[Action item]
Look for "destruct" in each line of the records, and copy the lines that have it.

[Saved entries]
☆ ☆ ☆ ☆
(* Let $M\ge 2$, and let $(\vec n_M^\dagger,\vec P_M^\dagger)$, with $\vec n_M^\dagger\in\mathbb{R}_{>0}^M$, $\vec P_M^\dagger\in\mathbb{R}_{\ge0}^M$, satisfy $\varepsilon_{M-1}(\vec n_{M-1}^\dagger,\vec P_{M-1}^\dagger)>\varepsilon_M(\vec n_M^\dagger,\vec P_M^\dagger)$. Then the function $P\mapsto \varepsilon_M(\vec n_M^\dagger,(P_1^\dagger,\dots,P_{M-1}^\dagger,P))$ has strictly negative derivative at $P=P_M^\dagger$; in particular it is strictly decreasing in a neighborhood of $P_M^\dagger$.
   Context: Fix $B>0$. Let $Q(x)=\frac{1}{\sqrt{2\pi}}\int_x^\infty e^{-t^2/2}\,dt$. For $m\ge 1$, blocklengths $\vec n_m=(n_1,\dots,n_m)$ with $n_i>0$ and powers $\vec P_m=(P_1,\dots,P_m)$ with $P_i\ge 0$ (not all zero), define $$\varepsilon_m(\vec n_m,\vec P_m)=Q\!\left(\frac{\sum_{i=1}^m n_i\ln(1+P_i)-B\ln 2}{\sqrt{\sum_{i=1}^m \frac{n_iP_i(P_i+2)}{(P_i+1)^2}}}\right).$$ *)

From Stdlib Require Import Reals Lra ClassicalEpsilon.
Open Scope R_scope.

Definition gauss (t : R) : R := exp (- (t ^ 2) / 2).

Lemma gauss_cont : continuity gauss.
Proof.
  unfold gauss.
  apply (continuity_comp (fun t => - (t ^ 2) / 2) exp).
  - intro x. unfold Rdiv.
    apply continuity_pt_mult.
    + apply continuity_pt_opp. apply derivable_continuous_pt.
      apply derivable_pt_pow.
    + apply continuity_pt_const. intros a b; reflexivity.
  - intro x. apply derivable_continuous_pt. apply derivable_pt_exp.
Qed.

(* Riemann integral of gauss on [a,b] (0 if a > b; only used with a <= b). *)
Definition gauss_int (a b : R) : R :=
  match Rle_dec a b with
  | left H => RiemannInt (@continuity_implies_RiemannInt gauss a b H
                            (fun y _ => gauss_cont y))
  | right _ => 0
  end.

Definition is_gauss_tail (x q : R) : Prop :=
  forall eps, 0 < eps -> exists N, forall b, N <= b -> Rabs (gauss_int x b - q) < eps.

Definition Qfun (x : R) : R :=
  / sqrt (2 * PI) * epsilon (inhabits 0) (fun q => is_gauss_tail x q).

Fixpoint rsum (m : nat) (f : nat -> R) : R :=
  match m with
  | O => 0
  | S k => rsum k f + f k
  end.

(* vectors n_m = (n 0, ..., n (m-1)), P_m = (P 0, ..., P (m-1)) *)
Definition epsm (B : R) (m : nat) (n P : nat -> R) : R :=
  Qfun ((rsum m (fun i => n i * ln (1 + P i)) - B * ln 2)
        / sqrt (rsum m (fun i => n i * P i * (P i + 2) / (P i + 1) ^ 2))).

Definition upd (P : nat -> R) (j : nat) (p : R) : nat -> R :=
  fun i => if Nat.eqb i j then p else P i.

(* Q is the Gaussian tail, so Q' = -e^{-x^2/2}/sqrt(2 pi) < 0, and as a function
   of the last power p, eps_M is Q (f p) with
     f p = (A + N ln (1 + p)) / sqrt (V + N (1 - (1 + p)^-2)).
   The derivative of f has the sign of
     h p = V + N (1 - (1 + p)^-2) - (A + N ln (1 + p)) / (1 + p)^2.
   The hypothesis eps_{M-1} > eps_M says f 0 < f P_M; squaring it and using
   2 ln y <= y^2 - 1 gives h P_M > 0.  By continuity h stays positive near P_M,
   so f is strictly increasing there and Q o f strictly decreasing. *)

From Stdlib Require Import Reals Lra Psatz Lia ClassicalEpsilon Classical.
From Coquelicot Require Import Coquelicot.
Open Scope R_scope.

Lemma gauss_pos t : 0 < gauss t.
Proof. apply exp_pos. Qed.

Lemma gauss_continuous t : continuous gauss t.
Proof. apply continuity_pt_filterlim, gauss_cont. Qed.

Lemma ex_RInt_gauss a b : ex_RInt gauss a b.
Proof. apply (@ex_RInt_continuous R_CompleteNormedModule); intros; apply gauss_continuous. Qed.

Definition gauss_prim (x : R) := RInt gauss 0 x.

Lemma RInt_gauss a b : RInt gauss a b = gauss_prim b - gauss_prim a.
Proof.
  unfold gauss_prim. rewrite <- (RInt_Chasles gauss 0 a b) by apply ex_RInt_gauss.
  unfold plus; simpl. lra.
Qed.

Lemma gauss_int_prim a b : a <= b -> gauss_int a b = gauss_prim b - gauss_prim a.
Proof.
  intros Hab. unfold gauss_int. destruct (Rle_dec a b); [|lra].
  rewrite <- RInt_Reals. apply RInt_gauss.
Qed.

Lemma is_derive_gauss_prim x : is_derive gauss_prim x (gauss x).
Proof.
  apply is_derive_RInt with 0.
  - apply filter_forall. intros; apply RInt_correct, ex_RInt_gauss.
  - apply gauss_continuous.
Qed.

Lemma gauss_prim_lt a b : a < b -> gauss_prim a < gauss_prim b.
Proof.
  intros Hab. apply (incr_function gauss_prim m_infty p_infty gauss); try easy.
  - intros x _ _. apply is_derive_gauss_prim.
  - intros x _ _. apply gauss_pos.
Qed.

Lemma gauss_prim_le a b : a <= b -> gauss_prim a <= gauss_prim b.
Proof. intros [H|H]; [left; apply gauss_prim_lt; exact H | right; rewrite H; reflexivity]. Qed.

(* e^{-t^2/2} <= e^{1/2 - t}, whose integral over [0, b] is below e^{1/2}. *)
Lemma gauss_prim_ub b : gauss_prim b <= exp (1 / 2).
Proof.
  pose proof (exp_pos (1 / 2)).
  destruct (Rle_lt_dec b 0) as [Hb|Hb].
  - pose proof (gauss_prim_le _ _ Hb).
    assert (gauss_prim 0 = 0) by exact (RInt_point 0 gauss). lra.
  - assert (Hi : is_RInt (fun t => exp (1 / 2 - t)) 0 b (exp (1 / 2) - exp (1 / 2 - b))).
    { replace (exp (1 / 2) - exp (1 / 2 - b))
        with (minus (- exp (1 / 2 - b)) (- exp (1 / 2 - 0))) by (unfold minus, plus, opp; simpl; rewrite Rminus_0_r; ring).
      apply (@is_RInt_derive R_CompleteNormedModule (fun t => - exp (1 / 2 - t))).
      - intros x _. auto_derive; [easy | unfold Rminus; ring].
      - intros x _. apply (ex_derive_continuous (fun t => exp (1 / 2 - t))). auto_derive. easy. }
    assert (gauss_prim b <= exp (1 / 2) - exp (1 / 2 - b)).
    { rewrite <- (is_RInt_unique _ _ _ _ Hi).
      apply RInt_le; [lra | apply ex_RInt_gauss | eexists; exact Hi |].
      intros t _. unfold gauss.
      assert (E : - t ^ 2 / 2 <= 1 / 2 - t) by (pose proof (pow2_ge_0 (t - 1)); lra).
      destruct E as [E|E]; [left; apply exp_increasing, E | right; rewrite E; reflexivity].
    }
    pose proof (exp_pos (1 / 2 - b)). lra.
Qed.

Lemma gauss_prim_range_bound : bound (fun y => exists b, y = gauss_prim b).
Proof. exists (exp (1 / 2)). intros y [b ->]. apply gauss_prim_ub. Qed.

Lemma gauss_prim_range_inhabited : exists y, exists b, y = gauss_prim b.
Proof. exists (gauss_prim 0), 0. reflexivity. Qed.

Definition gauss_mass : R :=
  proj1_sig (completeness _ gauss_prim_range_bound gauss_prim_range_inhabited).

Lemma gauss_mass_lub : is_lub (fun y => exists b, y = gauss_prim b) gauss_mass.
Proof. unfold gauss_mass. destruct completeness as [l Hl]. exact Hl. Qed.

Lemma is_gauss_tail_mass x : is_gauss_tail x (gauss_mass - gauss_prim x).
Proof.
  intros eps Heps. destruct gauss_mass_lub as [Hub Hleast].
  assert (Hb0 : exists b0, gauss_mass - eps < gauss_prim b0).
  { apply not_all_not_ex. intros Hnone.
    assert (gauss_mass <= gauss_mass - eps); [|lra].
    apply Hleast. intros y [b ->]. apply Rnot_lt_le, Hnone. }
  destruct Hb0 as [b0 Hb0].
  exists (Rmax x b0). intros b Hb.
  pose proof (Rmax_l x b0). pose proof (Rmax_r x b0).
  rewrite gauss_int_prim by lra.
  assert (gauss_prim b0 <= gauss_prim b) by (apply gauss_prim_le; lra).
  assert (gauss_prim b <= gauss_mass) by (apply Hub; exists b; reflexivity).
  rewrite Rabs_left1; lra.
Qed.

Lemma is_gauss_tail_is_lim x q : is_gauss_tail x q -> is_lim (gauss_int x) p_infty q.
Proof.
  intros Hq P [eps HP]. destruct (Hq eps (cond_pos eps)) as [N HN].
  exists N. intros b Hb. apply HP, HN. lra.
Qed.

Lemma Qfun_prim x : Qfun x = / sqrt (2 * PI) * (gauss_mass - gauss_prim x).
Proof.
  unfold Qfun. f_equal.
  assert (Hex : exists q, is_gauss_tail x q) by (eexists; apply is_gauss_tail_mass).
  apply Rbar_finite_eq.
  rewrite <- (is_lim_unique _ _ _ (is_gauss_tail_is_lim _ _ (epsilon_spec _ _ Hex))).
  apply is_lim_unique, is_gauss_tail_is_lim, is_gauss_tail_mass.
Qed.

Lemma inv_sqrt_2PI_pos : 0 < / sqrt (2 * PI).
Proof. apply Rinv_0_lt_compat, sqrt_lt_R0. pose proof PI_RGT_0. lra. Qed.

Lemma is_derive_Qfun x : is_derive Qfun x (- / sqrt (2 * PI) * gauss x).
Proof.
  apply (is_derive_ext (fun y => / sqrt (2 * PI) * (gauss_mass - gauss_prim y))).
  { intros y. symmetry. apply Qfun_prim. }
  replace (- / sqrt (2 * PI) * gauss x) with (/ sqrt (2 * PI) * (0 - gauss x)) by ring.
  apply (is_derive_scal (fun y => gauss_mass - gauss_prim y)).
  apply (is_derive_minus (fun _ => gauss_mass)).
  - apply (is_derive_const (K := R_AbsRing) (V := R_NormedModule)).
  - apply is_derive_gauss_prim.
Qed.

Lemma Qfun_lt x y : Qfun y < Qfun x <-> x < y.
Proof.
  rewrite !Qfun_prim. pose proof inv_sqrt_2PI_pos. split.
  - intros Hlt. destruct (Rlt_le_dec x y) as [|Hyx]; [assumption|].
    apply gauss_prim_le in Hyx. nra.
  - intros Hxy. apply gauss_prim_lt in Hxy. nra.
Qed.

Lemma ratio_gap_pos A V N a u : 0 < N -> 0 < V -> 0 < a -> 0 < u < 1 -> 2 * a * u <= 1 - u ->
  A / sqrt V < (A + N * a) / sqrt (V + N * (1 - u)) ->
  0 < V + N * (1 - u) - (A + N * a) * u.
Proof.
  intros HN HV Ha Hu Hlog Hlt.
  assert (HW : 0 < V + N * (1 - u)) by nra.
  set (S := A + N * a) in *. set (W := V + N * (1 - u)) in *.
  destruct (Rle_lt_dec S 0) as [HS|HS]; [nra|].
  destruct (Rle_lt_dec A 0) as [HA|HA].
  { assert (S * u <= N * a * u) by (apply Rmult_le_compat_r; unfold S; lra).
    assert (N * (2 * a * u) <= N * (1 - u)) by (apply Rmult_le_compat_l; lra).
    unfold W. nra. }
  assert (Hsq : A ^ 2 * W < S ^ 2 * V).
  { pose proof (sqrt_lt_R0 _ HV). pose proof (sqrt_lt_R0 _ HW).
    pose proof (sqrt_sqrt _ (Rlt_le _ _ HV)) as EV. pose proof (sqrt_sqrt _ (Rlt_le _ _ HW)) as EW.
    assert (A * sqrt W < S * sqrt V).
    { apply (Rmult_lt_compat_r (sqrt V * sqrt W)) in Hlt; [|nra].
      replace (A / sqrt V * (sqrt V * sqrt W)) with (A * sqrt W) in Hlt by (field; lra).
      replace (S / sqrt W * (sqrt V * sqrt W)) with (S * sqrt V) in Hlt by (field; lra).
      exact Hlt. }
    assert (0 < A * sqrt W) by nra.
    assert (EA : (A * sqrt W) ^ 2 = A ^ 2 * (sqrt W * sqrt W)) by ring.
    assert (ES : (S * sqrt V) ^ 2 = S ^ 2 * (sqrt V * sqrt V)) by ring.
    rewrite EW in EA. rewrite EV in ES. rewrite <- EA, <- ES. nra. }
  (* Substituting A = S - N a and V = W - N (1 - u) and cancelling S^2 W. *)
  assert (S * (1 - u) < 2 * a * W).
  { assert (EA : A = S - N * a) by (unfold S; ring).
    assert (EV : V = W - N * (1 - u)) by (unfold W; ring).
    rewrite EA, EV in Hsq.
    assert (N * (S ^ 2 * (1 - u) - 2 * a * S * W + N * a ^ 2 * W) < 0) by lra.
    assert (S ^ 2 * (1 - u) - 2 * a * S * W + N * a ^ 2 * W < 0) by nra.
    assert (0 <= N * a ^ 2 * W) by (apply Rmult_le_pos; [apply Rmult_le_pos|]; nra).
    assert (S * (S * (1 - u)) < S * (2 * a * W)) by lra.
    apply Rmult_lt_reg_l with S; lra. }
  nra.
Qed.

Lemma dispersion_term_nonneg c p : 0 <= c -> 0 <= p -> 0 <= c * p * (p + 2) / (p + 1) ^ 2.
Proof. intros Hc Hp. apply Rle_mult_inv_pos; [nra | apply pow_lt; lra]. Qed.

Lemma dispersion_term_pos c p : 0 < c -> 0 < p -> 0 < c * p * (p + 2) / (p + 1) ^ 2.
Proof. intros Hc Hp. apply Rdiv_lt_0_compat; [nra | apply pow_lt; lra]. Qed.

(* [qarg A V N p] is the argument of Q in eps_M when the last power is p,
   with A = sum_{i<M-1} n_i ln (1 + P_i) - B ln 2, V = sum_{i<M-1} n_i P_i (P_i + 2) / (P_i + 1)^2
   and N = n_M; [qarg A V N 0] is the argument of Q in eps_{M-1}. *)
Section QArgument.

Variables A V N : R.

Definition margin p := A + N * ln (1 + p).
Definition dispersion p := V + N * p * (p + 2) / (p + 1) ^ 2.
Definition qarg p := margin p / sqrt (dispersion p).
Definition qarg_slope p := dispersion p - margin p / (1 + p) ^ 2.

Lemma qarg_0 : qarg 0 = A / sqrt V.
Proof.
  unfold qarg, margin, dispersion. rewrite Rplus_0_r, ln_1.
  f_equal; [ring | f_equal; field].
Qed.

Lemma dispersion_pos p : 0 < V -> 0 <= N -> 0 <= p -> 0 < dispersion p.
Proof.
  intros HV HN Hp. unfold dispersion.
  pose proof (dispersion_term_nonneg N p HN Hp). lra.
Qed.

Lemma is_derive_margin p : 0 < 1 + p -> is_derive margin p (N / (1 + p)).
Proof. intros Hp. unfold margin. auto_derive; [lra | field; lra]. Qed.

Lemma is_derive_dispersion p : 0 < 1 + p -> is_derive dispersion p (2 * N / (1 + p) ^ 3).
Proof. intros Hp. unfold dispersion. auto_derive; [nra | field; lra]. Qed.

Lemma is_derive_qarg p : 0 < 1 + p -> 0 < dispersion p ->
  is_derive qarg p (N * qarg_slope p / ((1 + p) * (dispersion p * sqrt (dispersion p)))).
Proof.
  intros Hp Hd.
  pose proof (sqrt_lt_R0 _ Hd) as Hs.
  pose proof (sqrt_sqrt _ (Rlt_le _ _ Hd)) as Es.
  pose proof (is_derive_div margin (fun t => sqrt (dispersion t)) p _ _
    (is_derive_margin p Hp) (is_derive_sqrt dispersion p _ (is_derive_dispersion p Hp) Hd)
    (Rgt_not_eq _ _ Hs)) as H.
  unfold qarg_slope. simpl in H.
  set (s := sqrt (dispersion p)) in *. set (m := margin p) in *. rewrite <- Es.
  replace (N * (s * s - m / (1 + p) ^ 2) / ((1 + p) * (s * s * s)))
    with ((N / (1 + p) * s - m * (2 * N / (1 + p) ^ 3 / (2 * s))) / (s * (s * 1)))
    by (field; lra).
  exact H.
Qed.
☆ ☆ ☆ ☆
[Result of this exercise]
  intros Hab. unfold gauss_int. destruct (Rle_dec a b); [|lra].
  destruct (Rle_lt_dec b 0) as [Hb|Hb].
      destruct E as [E|E]; [left; apply exp_increasing, E | right; rewrite E; reflexivity].
Proof. unfold gauss_mass. destruct completeness as [l Hl]. exact Hl. Qed.
  intros eps Heps. destruct gauss_mass_lub as [Hub Hleast].
  destruct Hb0 as [b0 Hb0].
  intros Hq P [eps HP]. destruct (Hq eps (cond_pos eps)) as [N HN].
  - intros Hlt. destruct (Rlt_le_dec x y) as [|Hyx]; [assumption|].
  destruct (Rle_lt_dec S 0) as [HS|HS]; [nra|].
  destruct (Rle_lt_dec A 0) as [HA|HA].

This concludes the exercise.